→ **Prompt**: Copy each line of the records below, from the first through the one that contains "(exists rho : 'M[R[i]]_(qdim", exactly as written.

→ **Task inputs**:

Lemma dephased_ghz_entropy : vn_entropy dephased_ghz = p%:R.
Proof.
have [rho_herm _ rho_tr] := dephased_ghz_density.
have ln2_gt0 : 0 < ln (2 : R) by rewrite ln_gt0 ?ltr1n.
rewrite /vn_entropy (eq_bigr (fun k =>
  complex.Re (spectral_diag dephased_ghz 0 k) * (ln ghz_weight / ln 2))); last first.
  move=> k _; case: (spectral_diag_scaled_idem k rho_herm dephased_ghz_sqr) => ->;
    rewrite /xlog2 /=.
    by rewrite eqxx mul0r.
  by rewrite gt_eqF ?ghz_weight_gt0 // -mulrA.
rewrite -mulr_suml -Re_sum sum_spectral_diag // rho_tr /= mul1r.
rewrite lnV ?posrE ?ltr0n ?expn_gt0 // natrX lnXn ?ltr0n //.
rewrite -[ln _ *+ p]mulr_natr.
by field; rewrite gt_eqF.
Qed.

End GhzSupport.

Theorem mainTheorem9 (R : realType) (m p : nat) (hm : (3 <= m)%N) :
  (exists rho : 'M[R[i]]_(qdim m p), Gamma rho /\ vn_entropy rho = p%:R) /\
  (forall rho : 'M[R[i]]_(qdim m p), Gamma rho -> vn_entropy rho <= p%:R).
Proof.
split; last exact: Gamma_entropy_le.
exists (dephased_ghz R m p).
by split; [exact: Gamma_dephased_ghz | exact: dephased_ghz_entropy].
Qed.
(* Let $\mathcal{H}$ be a Hilbert space, $f,g\colon\mathcal{H}\to\mathbb{R}$ convex continuous, $\mathcal{C}_f=\arg\min f\neq\emptyset$, $f_\ast=\min f$, $r>0$ and $\mathcal{U}_r:=\{x: d(x,\mathcal{C}_f)\le r\}$. Then for every $x\in\mathcal{U}_r$ and every $\delta>0$, $$g(x)-f(x)\;\le\;\big(\|s_g-s_f|_{\mathcal{U}_r}+\delta\big)\,d(x,\mathcal{C}_f)\;+\;\frac{\|s_g-s_f|_{\mathcal{U}_r}}{\delta}\,\big(f(x)-f_\ast\big)\;+\;\|g-f|_{\mathcal{C}_f}.$$
   Context: $\partial f(x)=\{v: f(y)-f(x)\ge\langle v,y-x\rangle\ \forall y\}$ is the convex subdifferential and $s_f(x):=\operatorname{dist}(0,\partial f(x))$ the slope (similarly for $g$). For $\omega\colon\mathcal{H}\to\mathbb{R}$ and $\mathcal{U}\subset\mathcal{H}$, $\|\omega|_{\mathcal{U}}:=\sup_{x\in\mathcal{U}}\max\{\omega(x),0\}$. *)

From HB Require Import structures.
From mathcomp Require Import all_boot all_order all_algebra.
From mathcomp Require Import all_classical all_reals all_analysis.
Set Implicit Arguments. Unset Strict Implicit. Unset Printing Implicit Defensive.
Import Order.TTheory GRing.Theory Num.Theory.
Import numFieldNormedType.Exports.
Local Open Scope classical_set_scope.
Local Open Scope ring_scope.

Definition hilbert_inner (R : realType) (H : completeNormedModType R)
    (ip : H -> H -> R) : Prop :=
  [/\ (forall x y, ip x y = ip y x),
      (forall x y z, ip (x + y) z = ip x z + ip y z),
      (forall (a : R) x y, ip (a *: x) y = a * ip x y) &
      (forall x, ip x x = `|x| ^+ 2)].

Definition convex_fun (R : realType) (H : completeNormedModType R)
    (f : H -> R) : Prop :=
  forall (t : R) x y, 0 <= t -> t <= 1 ->
    f (t *: x + (1 - t) *: y) <= t * f x + (1 - t) * f y.

Definition argmin (R : realType) (H : completeNormedModType R) (f : H -> R)
  : set H := [set x | forall y, f x <= f y].

Definition fmin (R : realType) (H : completeNormedModType R) (f : H -> R)
  : \bar R := ereal_inf [set (f x)%:E | x in [set: H]].

Definition dist_set (R : realType) (H : completeNormedModType R)
    (x : H) (C : set H) : \bar R :=
  ereal_inf [set (`|x - c|)%:E | c in C].

Definition subdiff (R : realType) (H : completeNormedModType R)
    (ip : H -> H -> R) (f : H -> R) (x : H) : set H :=
  [set v | forall y, ip v (y - x) <= f y - f x].

Definition slope (R : realType) (H : completeNormedModType R)
    (ip : H -> H -> R) (f : H -> R) (x : H) : \bar R :=
  dist_set 0 (subdiff ip f x).

Definition pos_sup (R : realType) (H : completeNormedModType R)
    (w : H -> \bar R) (U : set H) : \bar R :=
  ereal_sup [set maxe (w x) 0%E | x in U].

From HB Require Import structures.
From mathcomp Require Import all_boot all_order all_algebra.
From mathcomp Require Import all_classical all_reals all_analysis.
From mathcomp Require Import ring lra.
Import Order.TTheory GRing.Theory Num.Theory.
Import numFieldNormedType.Exports.
Local Open Scope classical_set_scope.
Local Open Scope ring_scope.

(* Write C = argmin f, fmin = min f, d = dist(x, C), and Sr, Tr for the two
   sups S, T of the statement.  The estimate comes from a discrete descent
   from x along the proximal point iteration of f with a small step tau:
   - a proximal step y -> z exists (a minimizing sequence of the strongly
     convex objective tau f + |. - y|^2 / 2 is Cauchy), is an implicit
     gradient step y = z + tau u with u a subgradient of f at z, decreases
     f by tau |u|^2, and gets no farther from any point of C, so that all
     iterates stay in U_r;
   - where f has a subgradient u, the slope gap gives a subgradient of g of
     norm about |u| + Sr, so g grows at rate at most |u| + Sr along a step;
     if |u| <= delta, comparison with a nearly closest point of C bounds the
     gap g - f by Tr + (delta + Sr) d;
   - a step with |u| > delta decreases f by more than tau delta |u|, which
     pays for the growth of g at the price (Sr / delta) (f - fmin); as f - fmin
     is finite, the first case is reached after finitely many steps.
   Continuity of g and letting tau, eps -> 0 give the estimate for finite Sr
   and Tr (gap_bound); the theorem follows after extended-real bookkeeping,
   the bound being trivial at a minimizer or when Sr or Tr is infinite. *)

Section InnerProduct.
Context {R : realType} {H : completeNormedModType R} {ip : H -> H -> R}.
Hypothesis hip : hilbert_inner ip.

Lemma ipDr x y z : ip x (y + z) = ip x y + ip x z.
Proof. by case: hip => sym addl _ _; rewrite sym addl !(sym x). Qed.

Lemma ipZr (a : R) x y : ip x (a *: y) = a * ip x y.
Proof. by case: hip => sym _ scl _; rewrite sym scl sym. Qed.

Lemma ipNl x y : ip (- x) y = - ip x y.
Proof. by case: hip => _ _ scl _; rewrite -scaleN1r scl mulN1r. Qed.

Lemma ipNr x y : ip x (- y) = - ip x y.
Proof. by rewrite -scaleN1r ipZr mulN1r. Qed.

Lemma ip_self x : ip x x = `|x| ^+ 2.
Proof. by case: hip. Qed.

Lemma ipZl (a : R) x y : ip (a *: x) y = a * ip x y.
Proof. by case: hip. Qed.

Lemma normD2 x y : `|x + y| ^+ 2 = `|x| ^+ 2 + `|y| ^+ 2 + 2 * ip x y.
Proof.
case: (hip) => sym addl _ _.
rewrite -!ip_self addl !ipDr (sym y x); ring.
Qed.

Lemma normB2 x y : `|x - y| ^+ 2 = `|x| ^+ 2 + `|y| ^+ 2 - 2 * ip x y.
Proof. by rewrite normD2 normrN ipNr; ring. Qed.

Lemma cauchy_schwarz x y : ip x y <= `|x| * `|y|.
Proof.
have [->|x0] := eqVneq x 0.
  by rewrite -[0](scale0r 0) ipZl mul0r normrZ normr0 !mul0r.
have [->|y0] := eqVneq y 0.
  by rewrite -[0](scale0r 0) ipZr mul0r normrZ normr0 mul0r mulr0.
have nx : 0 < `|x| by rewrite normr_gt0.
have ny : 0 < `|y| by rewrite normr_gt0.
have := sqr_ge0 (Num.norm (`|y| *: x - `|x| *: y)).
rewrite normB2 !normrZ ipZr ipZl !ger0_norm ?(ltW nx) ?(ltW ny) // => h.
have hxy : 0 < `|x| * `|y| by apply: mulr_gt0.
nra.
Qed.

Lemma midpoint_norm2 (a b y : H) :
  `|(2:R)^-1 *: (a + b) - y| ^+ 2
    = (`|a - y| ^+ 2 + `|b - y| ^+ 2) / 2 - `|a - b| ^+ 2 / 4.
Proof.
have -> : (2:R)^-1 *: (a + b) - y = (2:R)^-1 *: ((a - y) + (b - y)).
  rewrite addrACA -opprD scalerBr; congr (_ - _).
  by rewrite -mulr2n -[y *+ 2]scaler_nat scalerA mulVf ?scale1r // pnatr_eq0.
have -> : a - b = (a - y) - (b - y) by rewrite opprB addrA subrK.
rewrite normrZ ger0_norm ?invr_ge0 ?ler0n // exprMn normD2 (normB2 (a - y)); by field.
Qed.

End InnerProduct.

Lemma convex_midpoint {R : realType} {H : completeNormedModType R} {f : H -> R} :
  convex_fun f -> forall a b : H, f ((2:R)^-1 *: (a + b)) <= (f a + f b) / 2.
Proof.
move=> cf a b; have half : 1 - (2:R)^-1 = 2^-1 by field.
have h := cf (2:R)^-1 a b; rewrite half -scalerDr in h.
apply: le_trans (h _ _) _; [by rewrite invr_ge0 ler0n | by rewrite invf_le1 ?ler1n|].
lra.
Qed.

→ **Answer space**:
Lemma dephased_ghz_entropy : vn_entropy dephased_ghz = p%:R.
Proof.
have [rho_herm _ rho_tr] := dephased_ghz_density.
have ln2_gt0 : 0 < ln (2 : R) by rewrite ln_gt0 ?ltr1n.
rewrite /vn_entropy (eq_bigr (fun k =>
  complex.Re (spectral_diag dephased_ghz 0 k) * (ln ghz_weight / ln 2))); last first.
  move=> k _; case: (spectral_diag_scaled_idem k rho_herm dephased_ghz_sqr) => ->;
    rewrite /xlog2 /=.
    by rewrite eqxx mul0r.
  by rewrite gt_eqF ?ghz_weight_gt0 // -mulrA.
rewrite -mulr_suml -Re_sum sum_spectral_diag // rho_tr /= mul1r.
rewrite lnV ?posrE ?ltr0n ?expn_gt0 // natrX lnXn ?ltr0n //.
rewrite -[ln _ *+ p]mulr_natr.
by field; rewrite gt_eqF.
Qed.

End GhzSupport.

Theorem mainTheorem9 (R : realType) (m p : nat) (hm : (3 <= m)%N) :
  (exists rho : 'M[R[i]]_(qdim m p), Gamma rho /\ vn_entropy rho = p%:R) /\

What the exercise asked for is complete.